И, ошарашенная собственной грубостью, Мэри заливается слезами, в то время как ее судорожно сжатые кулаки барабанят по подлокотникам плетеного кресла. Но Магнус ничуть не обескуражен. Магнус ставит на стол, рюмку, подходит к ней. Он нежно похлопывает ее по руке, ожидая, когда она обратит на него внимание. Он заботливо отставляет от нее рюмку. Несколько минут спустя пружины их новой кровати стонут и воют, как целый оркестр настраиваемых духовых инструментов, потому что на помощь Магнусу приходит отчаянное желание. Он ведет себя с ней так, будто они видятся в последний раз. Он укрывается в ней, будто она его единственное прибежище, и Мэри покорно разделяет с ним этот пыл. Она силится угнаться за ним, она кричит: «О, пожалуйста, пожалуйста, ради Бога!» Наконец это происходит, и на один благословенный миг вся мерзость этого мира для Мэри перестает существовать.

– Мы, между прочим, будем жить здесь под фамилией Пембрук, – говорит Магнус через паузу, но все-таки раньше, чем хотелось бы.

Пембрук – это один из рабочих псевдонимов Магнуса. Паспорт на имя Пембрука у него в чемоданчике, она там уже его обнаружила. Фотография на паспорте искусно смазана – это может быть Магнус, а может – и кто-то другой. Когда она занималась подделкой документов в Берлине, такие фотографии они называли «плывунами».

– А Тому что я скажу?

– Зачем ему вообще говорить?

– Фамилия нашего сына – Пим. Ему может показаться странным, если ему скажут, что отныне он Пембрук.
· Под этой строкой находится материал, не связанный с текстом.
(* Let $G(V,E)$ be any graph with $m\ge1$ edges, let $\{u,v\}$ be an edge chosen uniformly at random from $E$, and let $t=\lceil \min(d_u,d_v)/\sqrt{m}\rceil$. Then $\mathbb{E}[t]=O(1)$, where the constant is absolute.
   Context: $d_v$ denotes the degree of vertex $v$ in $G$. *)

From mathcomp Require Import all_boot all_order all_algebra.
From mathcomp Require Import reals.
Set Implicit Arguments. Unset Strict Implicit. Unset Printing Implicit Defensive.
Import Order.TTheory GRing.Theory Num.Theory.
Local Open Scope ring_scope.

Definition simple_graph (T : finType) (e : rel T) : Prop :=
  symmetric e /\ irreflexive e.

Definition deg (T : finType) (e : rel T) (v : T) : nat := #|[set w | e v w]|.

Definition edges (T : finType) (e : rel T) : {set {set T}} :=
  [set [set p.1; p.2] | p in [set p : T * T | e p.1 p.2]].

Definition nedges (T : finType) (e : rel T) : nat := #|edges e|.

Definition edge_mindeg (T : finType) (e : rel T) (f : {set T}) : nat :=
  \big[minn/#|T|]_(x in f) deg e x.

Definition edge_t (R : realType) (T : finType) (e : rel T) (f : {set T}) : int :=
  Num.ceil ((edge_mindeg e f)%:R / Num.sqrt ((nedges e)%:R) : R).

Definition expected_t (R : realType) (T : finType) (e : rel T) : R :=
  (\sum_(f in edges e) (edge_t R e f)%:~R) / (nedges e)%:R.

From mathcomp Require Import all_boot all_order all_algebra.
From mathcomp Require Import reals.
From mathcomp Require Import lra.
Set Implicit Arguments.
Unset Strict Implicit.
Unset Printing Implicit Defensive.
Import Order.TTheory GRing.Theory Num.Theory.
Local Open Scope ring_scope.

(* Since t <= min(d_u, d_v) / sqrt m + 1, it suffices to show
   sum_{uv in E} min(d_u, d_v) <= 6 m sqrt m.  Bound each edge through one of
   its arcs (u, v): if d_v <= sqrt m the arc contributes at most sqrt m,
   otherwise at most d_u.  As the degrees sum to at most 2m, there are at most
   2 sqrt m heavy vertices v with d_v > sqrt m, so the heavy arcs contribute at
   most sum_u d_u * 2 sqrt m <= 4 m sqrt m. *)

Section ArcCounting.
Variables (T : finType) (e : rel T).

Definition arc_edge (p : T * T) : {set T} := [set p.1; p.2].

Lemma edge_mindeg_le (f : {set T}) x : x \in f -> (edge_mindeg e f <= deg e x)%N.
Proof. by move=> xf; rewrite /edge_mindeg -minEnat -leEnat; apply: bigmin_le_cond. Qed.

Lemma arc_edge_edges p : e p.1 p.2 -> arc_edge p \in edges e.
Proof. by move=> ep; apply/imsetP; exists p; rewrite ?inE. Qed.

Lemma set2_inj_r {x y z : T} : [set x; y] = [set x; z] -> y = z.
Proof.
move=> xy_xz; have /set2P[yx | //] : y \in [set x; z] by rewrite -xy_xz set22.
have /set2P[zx | //] : z \in [set x; y] by rewrite xy_xz set22.
by rewrite yx zx.
Qed.

Lemma card_arc_fiber_le2 (f : {set T}) : f \in edges e ->
  (#|[set p | e p.1 p.2 & arc_edge p == f]| <= 2)%N.
Proof.
case/imsetP=> -[a b] _ ->; set F := [set p | _ & _].
have first_inj : {in F &, injective (fun p : T * T => p.1)}.
  move=> [x y] [x' y'] /[!inE] /andP[_ /eqP xy] /andP[_ /eqP xy'] /= xx'.
  by subst x'; congr (_, _); exact: set2_inj_r (etrans xy (esym xy')).
have firsts_sub : [set p.1 | p in F] \subset [set a; b].
  apply/subsetP=> _ /imsetP[[x y] /[!inE] /andP[_ /eqP xy] ->].
  by rewrite -in_set2 -xy set21.
rewrite -(card_in_imset first_inj); apply: leq_trans (subset_leq_card firsts_sub) _.
by rewrite cards2; case: (_ != _).
Qed.

Lemma sum_deg_le : (\sum_u deg e u <= 2 * nedges e)%N.
Proof.
under eq_bigr do rewrite /deg -sum1dep_card.
rewrite pair_big_dep /=.
rewrite (partition_big arc_edge (mem (edges e))) /=; last exact: arc_edge_edges.
rewrite mulnC -sum_nat_const; apply: leq_sum => f fE.
by rewrite sum1dep_card; apply: card_arc_fiber_le2.
Qed.

Lemma sum_edges_le_sum_arcs (R : numDomainType) (G : {set T} -> R) :
  (forall f, 0 <= G f) ->
  \sum_(f in edges e) G f <= \sum_u \sum_(v | e u v) G [set u; v].
Proof.
move=> G_ge0; rewrite pair_big_dep /=.
rewrite (partition_big arc_edge (mem (edges e))) /=; last exact: arc_edge_edges.
apply: ler_sum => _ /imsetP[p /[!inE] ep ->].
by rewrite (bigD1 p) ?ep ?eqxx //= lerDl sumr_ge0.
Qed.

End ArcCounting.

Section DegreeThreshold.
Variables (R : realFieldType) (T : finType) (e : rel T).

Let d v : R := (deg e v)%:R.
Let D : R := (\sum_v deg e v)%:R.

Lemma card_heavy_le (s : R) : 0 <= s -> #|[set v | s < d v]|%:R * s <= D.
Proof.
move=> s_ge0; rewrite -sum1dep_card natr_sum mulr_suml /D natr_sum.
rewrite [X in _ <= X](bigID (fun v => s < d v)) /= -[X in X <= _]addr0.
rewrite lerD ?sumr_ge0 //.
by apply: ler_sum => v /ltW; rewrite mul1r.
Qed.

Lemma sum_arcs_mindeg_le (s : R) : 0 < s ->
  \sum_u \sum_(v | e u v) (edge_mindeg e [set u; v])%:R <= D * s + D * (D / s).
Proof.
move=> s_gt0; set heavy : R := #|[set v | s < d v]|%:R.
have arc_le u v :
    (edge_mindeg e [set u; v])%:R <= s + (if s < d v then d u else 0).
  have := edge_mindeg_le e (set21 u v); have := edge_mindeg_le e (set22 u v).
  rewrite -!(ler_nat R) -/(d u) -/(d v); case: ifPn => [_|]; rewrite ?ltNge /=; lra.
have out_le u :
    \sum_(v | e u v) (edge_mindeg e [set u; v])%:R <= d u * s + d u * heavy.
  apply: le_trans (ler_sum _ (fun v _ => arc_le u v)) _.
  have out_card : #|e u| = deg e u by rewrite /deg cardsE.
  rewrite big_split /= sumr_const out_card -mulr_natl lerD2l.
  rewrite [X in _ <= X](_ : _ = \sum_v (if s < d v then d u else 0)).
    by rewrite [X in _ <= X](bigID (e u)) /= lerDl sumr_ge0 // => v _; case: ifP.
  by rewrite -big_mkcond sumr_const -mulr_natr /heavy cardsE.
have heavy_le : heavy <= D / s by rewrite ler_pdivlMr // card_heavy_le ?ltW.
apply: le_trans (ler_sum _ (fun u _ => out_le u)) _.
rewrite big_split /= -!mulr_suml /D natr_sum lerD2l.
apply: ler_wpM2l; first exact: sumr_ge0.
by rewrite -natr_sum.
Qed.

End DegreeThreshold.

Lemma sum_edges_mindeg_le (R : rcfType) (T : finType) (e : rel T) :
  (0 < nedges e)%N ->
  \sum_(f in edges e) (edge_mindeg e f)%:R
    <= 6 * (nedges e)%:R * Num.sqrt (nedges e)%:R :> R.
Proof.
move=> m_gt0; set m : R := (nedges e)%:R; set s := Num.sqrt m.
have s_gt0 : 0 < s by rewrite sqrtr_gt0 ltr0n.
have ss : s * s = m by rewrite -expr2 sqr_sqrtr ?ler0n.
apply: le_trans (sum_edges_le_sum_arcs _ _) _ => [f|]; first exact: ler0n.
apply: le_trans (sum_arcs_mindeg_le _ s_gt0) _.
set D : R := (\sum_u _)%:R.
have D_ge0 : 0 <= D := ler0n _ _.
have D_le : D <= 2 * m by rewrite -natrM ler_nat sum_deg_le.
have D_s : D / s <= 2 * s by rewrite ler_pdivrMr // -mulrA ss.
nra.
Qed.

Theorem lemma4p2 :
  exists C : nat, forall (R : realType) (T : finType) (e : rel T),
    simple_graph e -> (1 <= nedges e)%N -> expected_t R e <= C%:R.
Proof.
exists 7%N => R T e _ m_gt0.
set m : R := (nedges e)%:R; set s := Num.sqrt m.
have s_gt0 : 0 < s by rewrite sqrtr_gt0 ltr0n.
have t_le f : (edge_t R e f)%:~R <= (edge_mindeg e f)%:R / s + 1.
  by have := ceilB1_lt ((edge_mindeg e f)%:R / s); rewrite intrB; lra.
rewrite /expected_t ler_pdivrMr ?ltr0n //.
apply: le_trans (ler_sum _ (fun f _ => t_le f)) _.
rewrite big_split /= -mulr_suml sumr_const.
have : (\sum_(f in edges e) (edge_mindeg e f)%:R) / s <= 6 * m.
  by rewrite ler_pdivrMr // sum_edges_mindeg_le.
rewrite -/(nedges e) -/m; lra.
Qed.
Она ждет, ненавидя себя за неуступчивость. Магнусу обычно не приходится долго думать в поисках ответа, даже если ответ связан с тем, как бы им получше обмануть собственного ребенка. Однако сейчас ответ он находит не сразу, она чувствует, как он ищет его, лежа рядом с ней, без сна в темноте.

– Что ж, ну скажешь ему, что Пембруки – это владельцы дома, в котором мы живем, я так думаю. Мы пользуемся их фамилией, чтоб нам доставлялись покупки. Это в случае, если он спросит, конечно.

– Конечно.

– Эти двое дядечек все еще здесь, – говорит стоящий в дверях Том, который, оказывается, присутствовал при разговоре.

– Какие еще дядечки? – произносит Мэри.

Но по затылку ее бегут мурашки, ее бросило в пот от страха. Что он слышал, Том? Что видел?

– Те, что чинят мотоцикл возле ручья. У них с собой спальные мешки армейского образца, фонарик и хорошая палатка.

– На острове полно туристов, – поясняет Мэри. – Иди обратно в постель!

– И на катере они тоже были, – говорит Том. – За шлюпкой прятались. Они там в карты играли. И следили за нами. И говорили между собой по-немецки.

– И на катере было полно народу, – говорит Мэри. «Почему же ты молчишь, негодяй! – мысленно кричит она, обращаясь к Магнусу. – Лежишь тут, как бревно, вместо того, чтобы помочь мне, когда я потом обливаюсь от страха!»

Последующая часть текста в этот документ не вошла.